Google's generative AI can now analyze hours of video

Kyle Wiggers

Updated June 5, 2024 at 7:14 p.m.·4 min read

Gemini, Google’s family of generative AI models, can now analyze longer documents, codebases, videos and audio recordings than before.

During a keynote at the Google I/O 2024 developer conference Tuesday, Google announced the private preview of a new version of Gemini 1.5 Pro, the company’s current flagship model, that can take in up to 2 million tokens. That’s double the previous maximum amount.

At 2 million tokens, the new version of Gemini 1.5 Pro supports the largest input of any commercially available model. The next-largest, Anthropic’s Claude 3, tops out at 1 million tokens.

In the AI field, “tokens” refer to subdivided bits of raw data, like the syllables “fan,” “tas” and “tic” in the word “fantastic.” Two million tokens is equivalent to around 1.4 million words, two hours of video or 22 hours of audio.

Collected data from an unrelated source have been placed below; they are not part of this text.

(* Fix integers $L\ge1$, $n_0,\dots,n_L\ge1$, let $\boldsymbol{\mathcal W}=\mathbb{R}^{n_0\times n_1}\times\cdots\times\mathbb{R}^{n_{L-1}\times n_L}$, and for $\mathbf W=(W_1,\dots,W_L)\in\boldsymbol{\mathcal W}$ let $F(\mathbf W,\cdot)=\Lambda_L(W_L,\cdot)\circ\cdots\circ\Lambda_1(W_1,\cdot)\colon\mathbb{R}^{n_0}\to\mathbb{R}^{n_L}$ with $\Lambda_l(W_l,x)=\sigma_l(W_l^\top x+b_l)$, fixed biases $b_l$, each $\sigma_l$ ($l<L$) applying a smooth, monotonically increasing, Lipschitz scalar function entrywise, and $\sigma_L=\mathrm{id}$. Let $\boldsymbol{\mathcal X}\subset\mathbb{R}^{n_0}$ be a compact smooth submanifold (the input space). Then for every rank-deficient $\mathbf W_1\in\boldsymbol{\mathcal W}$ and every $\epsilon>0$ there exists a full-rank $\mathbf W_2\in\boldsymbol{\mathcal W}$ such that $\|F(\mathbf W_2,x)-F(\mathbf W_1,x)\|_\infty\le\epsilon$ for all $x\in\boldsymbol{\mathcal X}$.
   Context: $\mathbf W=(W_1,\dots,W_L)$ is called full-rank if every matrix $W_l$ has full rank $\min(n_{l-1},n_l)$, and rank-deficient otherwise. $\|\cdot\|_\infty$ is the max-norm on $\mathbb{R}^{n_L}$. The paper assumes throughout that the input space is a compact smooth manifold. *)

From HB Require Import structures.
From mathcomp Require Import all_boot all_order all_algebra.
From mathcomp Require Import all_classical all_reals all_analysis.
Set Implicit Arguments. Unset Strict Implicit. Unset Printing Implicit Defensive.
Import Order.TTheory GRing.Theory Num.Theory.
Import numFieldNormedType.Exports.
Local Open Scope ring_scope.

(* Layers are indexed 0..L-1 (paper: 1..L). Layer l has weight matrix
   W l : 'M_(n l, n l.+1) and bias b l : 'rV_(n l.+1). Inputs are row
   vectors, so x *m W l is the transpose of W_l^T x. *)

Fixpoint fwd (R : pzRingType) (n : nat -> nat)
  (W : forall l, 'M[R]_(n l, n l.+1)) (b : forall l, 'rV[R]_(n l.+1))
  (sigma : nat -> R -> R) (k : nat) (x : 'rV[R]_(n 0%N)) : 'rV[R]_(n k) :=
  match k return 'rV[R]_(n k) with
  | 0%N => x
  | k'.+1 => map_mx (sigma k') (fwd W b sigma k' x *m W k' + b k')
  end.

Definition net (R : pzRingType) (n : nat -> nat) (L : nat)
  (W : forall l, 'M[R]_(n l, n l.+1)) (b : forall l, 'rV[R]_(n l.+1))
  (sigma : nat -> R -> R) (x : 'rV[R]_(n 0%N)) : 'rV[R]_(n L) :=
  fwd W b sigma L x.

Definition full_rank (R : fieldType) (n : nat -> nat) (L : nat)
  (W : forall l, 'M[R]_(n l, n l.+1)) : Prop :=
  forall l, (l < L)%N -> \rank (W l) = minn (n l) (n l.+1).

Definition maxnorm (R : realDomainType) (m : nat) (v : 'rV[R]_m) : R :=
  \big[Num.max/0]_(j < m) `|v ord0 j|.

Definition smooth_fun (R : realType) (f : R -> R) : Prop :=
  forall (k : nat) (x : R), derivable (iter k (@derive1 R R) f) x 1.

Definition nondecr_act (R : realDomainType) (f : R -> R) : Prop :=
  forall x y : R, x <= y -> f x <= f y.

Definition lipschitz_act (R : realDomainType) (f : R -> R) : Prop :=
  exists k : R, forall x y : R, `|f x - f y| <= k * `|x - y|.

(* Perturb each weight matrix W_l by s_l times the partial identity. Its
   leading min(n_l, n_{l+1}) square block becomes A_l + s_l I, which is
   invertible unless s_l is a root of the characteristic polynomial of -A_l,
   so the perturbed matrix has full rank for all but finitely many s_l, and
   s_l can be taken as small as we like. Since every layer is Lipschitz and X
   is bounded, the network output on X moves by at most C max_l |s_l| for a
   constant C depending only on W_1 and X. *)

From HB Require Import structures.
From mathcomp Require Import all_boot all_order all_algebra.
From mathcomp Require Import all_classical all_reals all_analysis.
From mathcomp Require Import zify.
Set Implicit Arguments. Unset Strict Implicit. Unset Printing Implicit Defensive.
Import Order.TTheory GRing.Theory Num.Theory.
Import numFieldNormedType.Exports.
Local Open Scope ring_scope.

Definition lipschitz_with (R : numDomainType) (K : R) (f : R -> R) : Prop :=
  forall x y, `|f x - f y| <= K * `|x - y|.

Section MatrixNorm.
Variable R : realFieldType.

Lemma ler_mxentry_norm m n (A : 'M[R]_(m, n)) i j : `|A i j| <= `|A|.
Proof. by rewrite [leRHS]/Num.Def.normr /= mx_normrE; exact: (le_bigmax _ _ (i, j)). Qed.

Lemma mx_norm_le m n (A : 'M[R]_(m, n)) c :
  0 <= c -> (forall i j, `|A i j| <= c) -> `|A| <= c.
Proof. by move=> c0 Ac; rewrite [leLHS]/Num.Def.normr /= mx_normrE bigmax_le // => -[i j]. Qed.

Lemma maxnormE m (v : 'rV[R]_m) : maxnorm v = `|v|.
Proof.
rewrite /maxnorm; apply/le_anti/andP; split.
  by apply: bigmax_le => // j _; exact: ler_mxentry_norm.
apply: mx_norm_le => [|i j]; first exact: bigmax_ge_id.
by rewrite ord1; exact: (le_bigmax _ (fun j => `|v ord0 j|)).
Qed.

Lemma ler_norm_mulmx m p n (A : 'M[R]_(m, p)) (B : 'M[R]_(p, n)) :
  `|A *m B| <= p%:R * (`|A| * `|B|).
Proof.
apply: mx_norm_le => [|i j]; first by rewrite !mulr_ge0.
rewrite mxE -[p in p%:R]card_ord mulr_natl -sumr_const.
apply: le_trans (ler_norm_sum _ _ _) (ler_sum _ _) => k _; rewrite normrM.
by apply: ler_pM => //; exact: ler_mxentry_norm.
Qed.

Lemma norm_pid_mx_le1 m n r : `|pid_mx r : 'M[R]_(m, n)| <= 1.
Proof. by apply: mx_norm_le => // i j; rewrite mxE normr_nat lern1 leq_b1. Qed.

Lemma lipschitz_map_mx (f : R -> R) K m n (u v : 'M[R]_(m, n)) :
  0 <= K -> lipschitz_with K f ->
  `|map_mx f u - map_mx f v| <= K * `|u - v|.
Proof.
move=> K0 fK; apply: mx_norm_le => [|i j]; first by rewrite mulr_ge0.
rewrite !mxE; apply: le_trans (fK _ _) _; apply: ler_wpM2l => //.
by have := ler_mxentry_norm (u - v) i j; rewrite !mxE.
Qed.

End MatrixNorm.

(* [\rank] reads its argument in %MS scope, where [+] is the sum of row spaces. *)
Lemma mxrank_add_scalar (F : fieldType) n (A : 'M[F]_n) s :
  ~~ root (char_poly (- A)) s -> \rank (A + s%:M)%R = n.
Proof.
rewrite -eigenvalue_root_char /eigenvalue /eigenspace negbK kermx_eq0.
by rewrite /row_free -opprD mxrank_opp => /eqP.
Qed.

Definition leading_block (F : pzRingType) m n (W : 'M[F]_(m, n)) : 'M[F]_(minn m n) :=
  pid_mx (minn m n) *m W *m pid_mx (minn m n).

Lemma rank_add_scaled_pid (F : fieldType) m n (W : 'M[F]_(m, n)) s :
  ~~ root (char_poly (- leading_block W)) s ->
  \rank (W + s *: pid_mx (minn m n))%R = minn m n.
Proof.
move=> /mxrank_add_scalar rank_block.
apply/eqP; rewrite eqn_leq leq_min rank_leq_row rank_leq_col /= -{1}rank_block.
suff -> : leading_block W + s%:M =
    pid_mx (minn m n) *m (W + s *: pid_mx (minn m n)) *m pid_mx (minn m n).
  exact: leq_trans (mxrankM_maxl _ _) (mxrankM_maxr _ _).
rewrite mulmxDr mulmxDl -scalemxAr -scalemxAl !mul_pid_mx.
rewrite (_ : minn n _ = minn m n); last by lia.
by rewrite pid_mx_1 scalemx1.
Qed.

Lemma exists_nonroot_itv (R : realFieldType) (p : {poly R}) c :
  p != 0 -> 0 < c -> exists2 s, 0 < s <= c & ~~ root p s.
Proof.
move=> p0 c0; pose cands := [seq c / k.+1%:R | k <- iota 0 (size p)].
have cands_uniq : uniq cands.
  rewrite map_inj_uniq ?iota_uniq // => i j /(mulfI (lt0r_neq0 c0)) /invr_inj.
  by move/eqP; rewrite eqr_nat => /eqP [].
have : ~~ all (root p) cands.
  apply/negP => all_roots; have := max_poly_roots p0 all_roots cands_uniq.
  by rewrite size_map size_iota ltnn.
rewrite -has_predC => /hasP [_ /mapP [k _ ->] nonroot]; exists (c / k.+1%:R) => //.
by rewrite divr_gt0 ?ltr0Sn //= ler_pdivrMr ?ltr0Sn // ler_pMr // ler1n.
Qed.

Lemma exists_small_full_rank_shift (R : realFieldType) m n (W : 'M[R]_(m, n)) c :
  0 < c -> exists s, 0 < s <= c /\ \rank (W + s *: pid_mx (minn m n))%R = minn m n.
Proof.
move=> c0; have char_neq0 := monic_neq0 (char_poly_monic (- leading_block W)).
have [s sc nonroot] := exists_nonroot_itv char_neq0 c0.
by exists s; split => //; exact: rank_add_scaled_pid.
Qed.

Lemma lipschitz_act_ge0 (R : realDomainType) (f : R -> R) :
  lipschitz_act f -> exists2 K, 0 <= K & lipschitz_with K f.
Proof.
move=> [K fK]; exists `|K| => // x y.
by apply: le_trans (fK x y) (ler_wpM2r _ (ler_norm K)).
Qed.

Lemma layer_dist (R : realFieldType) m p (f : R -> R) K (u v : 'rV[R]_m)
    (W V : 'M[R]_(m, p)) (c : 'rV[R]_p) :
  0 <= K -> lipschitz_with K f ->
  `|map_mx f (u *m W + c) - map_mx f (v *m V + c)|
    <= K * (m%:R * (`|u - v| * `|W| + `|v| * `|W - V|)).
Proof.
move=> K0 fK; apply: le_trans (lipschitz_map_mx _ _ K0 fK) (ler_wpM2l K0 _).
have -> : u *m W + c - (v *m V + c) = (u - v) *m W + v *m (W - V).
  by rewrite mulmxBl mulmxBr addrA subrK opprD addrACA subrr addr0.
rewrite mulrDr; apply: le_trans (ler_normD _ _) (lerD _ _); exact: ler_norm_mulmx.
Qed.

Section Perturbation.
Variables (R : realFieldType) (n : nat -> nat) (L : nat).
Variables (b : forall l, 'rV[R]_(n l.+1)) (sigma : nat -> R -> R).
Variable X : set 'rV[R]_(n 0%N).
Hypothesis sigma_lipschitz : forall l, (l < L)%N ->
  exists2 K, 0 <= K & lipschitz_with K (sigma l).
Hypothesis X_bounded : exists B, forall x, X x -> `|x| <= B.

Lemma fwd_bounded (W : forall l, 'M[R]_(n l, n l.+1)) k : (k <= L)%N ->
  exists B, forall x, X x -> `|fwd W b sigma k x| <= B.
Proof.
elim: k => [_|k IH kL]; first exact: X_bounded.
have [B fwdB] := IH (ltnW kL); have [K K0 sK] := sigma_lipschitz kL.
exists (K * ((n k)%:R * (B * `|W k|)) + `|map_mx (sigma k) (b k)|) => x Xx /=.
have := layer_dist (fwd W b sigma k x) 0 (W k) (W k) (b k) K0 sK.
rewrite mul0mx add0r subr0 normr0 mul0r addr0 => dist_to_bias.
rewrite -[X in `|X|](subrK (map_mx (sigma k) (b k))).
apply: le_trans (ler_normD _ _) (lerD _ (lexx _)); apply: le_trans dist_to_bias _.
by apply/ler_wpM2l/ler_wpM2l => //; exact/ler_wpM2r/fwdB.
Qed.

Variable W1 : forall l, 'M[R]_(n l, n l.+1).

Lemma fwd_weight_lipschitz k : (k <= L)%N -> exists2 C, 0 <= C &
  forall t (W2 : forall l, 'M[R]_(n l, n l.+1)),
    t <= 1 -> (forall l, `|W2 l - W1 l| <= t) ->
    forall x, X x -> `|fwd W2 b sigma k x - fwd W1 b sigma k x| <= C * t.
Proof.
elim: k => [_|k IH kL].
  by exists 0 => // t W2 _ _ x _; rewrite subrr normr0 mul0r.
have [C C0 fwdC] := IH (ltnW kL); have [B fwdB] := fwd_bounded W1 (ltnW kL).
have [K K0 sK] := sigma_lipschitz kL.
exists (K * ((n k)%:R * (C * (`|W1 k| + 1) + `|B|))) => [|t W2 t1 W21 x Xx /=].
  by rewrite !mulr_ge0 ?addr_ge0 ?mulr_ge0 ?addr_ge0.
apply: le_trans (layer_dist _ _ _ _ _ K0 sK) _.
rewrite -!mulrA; apply/ler_wpM2l/ler_wpM2l => //; rewrite mulrDl.
have W2_le : `|W2 k| <= `|W1 k| + 1.
  rewrite -[W2 k](subrK (W1 k)) addrC; apply: le_trans (ler_normD _ _) _.
  by rewrite lerD2l (le_trans (W21 k)).
apply: lerD; last by apply: ler_pM => //; exact: le_trans (fwdB x Xx) (ler_norm B).
by rewrite mulrAC; apply: ler_pM => //; exact: fwdC.
Qed.

End Perturbation.

Theorem proposition1 (R : realType) (L : nat) (n : nat -> nat)
  (b : forall l, 'rV[R]_(n l.+1)) (sigma : nat -> R -> R)
  (X : set 'rV[R]_(n 0%N)) :
  (1 <= L)%N ->
  (forall l, (l <= L)%N -> (1 <= n l)%N) ->
  (forall l, (l < L.-1)%N ->
     smooth_fun (sigma l) /\ nondecr_act (sigma l) /\ lipschitz_act (sigma l)) ->
  sigma L.-1 = id ->
  compact X ->
  forall (W1 : forall l, 'M[R]_(n l, n l.+1)),
    ~ full_rank L W1 ->
    forall eps : R, 0 < eps ->
      exists W2 : forall l, 'M[R]_(n l, n l.+1),
        full_rank L W2 /\
        forall x, X x ->
          maxnorm (net L W2 b sigma x - net L W1 b sigma x) <= eps.
Proof.
move=> _ _ act_hyps last_id cX W1 _ eps eps0.
have sigma_lipschitz l : (l < L)%N ->
    exists2 K, 0 <= K & lipschitz_with K (sigma l).
  case: (ltnP l L.-1) => [/act_hyps [_ [_ /lipschitz_act_ge0 //]] | lL1 lL].
  have -> : l = L.-1 by lia.
  by rewrite last_id; exists 1 => // x y; rewrite mul1r.
have X_bounded : exists B, forall x, X x -> `|x| <= B.
  have [M [Mreal XM]] := compact_bounded cX; exists (`|M| + 1); apply: XM.
  by rewrite (le_lt_trans (real_ler_norm Mreal)) ?ltrDl.
have [C C0 perturb] := fwd_weight_lipschitz b sigma_lipschitz X_bounded W1 (leqnn L).
pose t := Num.min 1 (eps / (C + 1)).
have t0 : 0 < t by rewrite lt_min ltr01 divr_gt0 // ltr_wpDl.
have /choice [s shift] := fun l => exists_small_full_rank_shift (W1 l) t0.
exists (fun l => W1 l + s l *: pid_mx (minn (n l) (n l.+1))).
split => [l _ | x Xx]; first exact: (shift l).2.
rewrite /net maxnormE; apply: le_trans (perturb t _ _ _ x Xx) _.
- by rewrite ge_min lexx.
- move=> l; have /andP [sl0 slt] := (shift l).1.
  rewrite addrC addKr normrZ gtr0_norm //.
  apply: le_trans slt; apply: ler_piMr (ltW sl0) _; exact: norm_pid_mx_le1.
- have : t <= eps / (C + 1) by rewrite ge_min lexx orbT.
  rewrite ler_pdivlMr ?ltr_wpDl // => tC.
  by apply: le_trans tC; rewrite mulrC ler_pM2l // lerDl.
Qed.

Beyond being able to analyze large files, models that can take in more tokens can sometimes achieve improved performance.

Unlike models with small maximum token inputs (otherwise known as context), models such as the 2-million-token-input Gemini 1.5 Pro won’t easily “forget” the content of very recent conversations and veer off topic. Large-context models can also better grasp the flow of data they take in — hypothetically, at least — and generate contextually richer responses.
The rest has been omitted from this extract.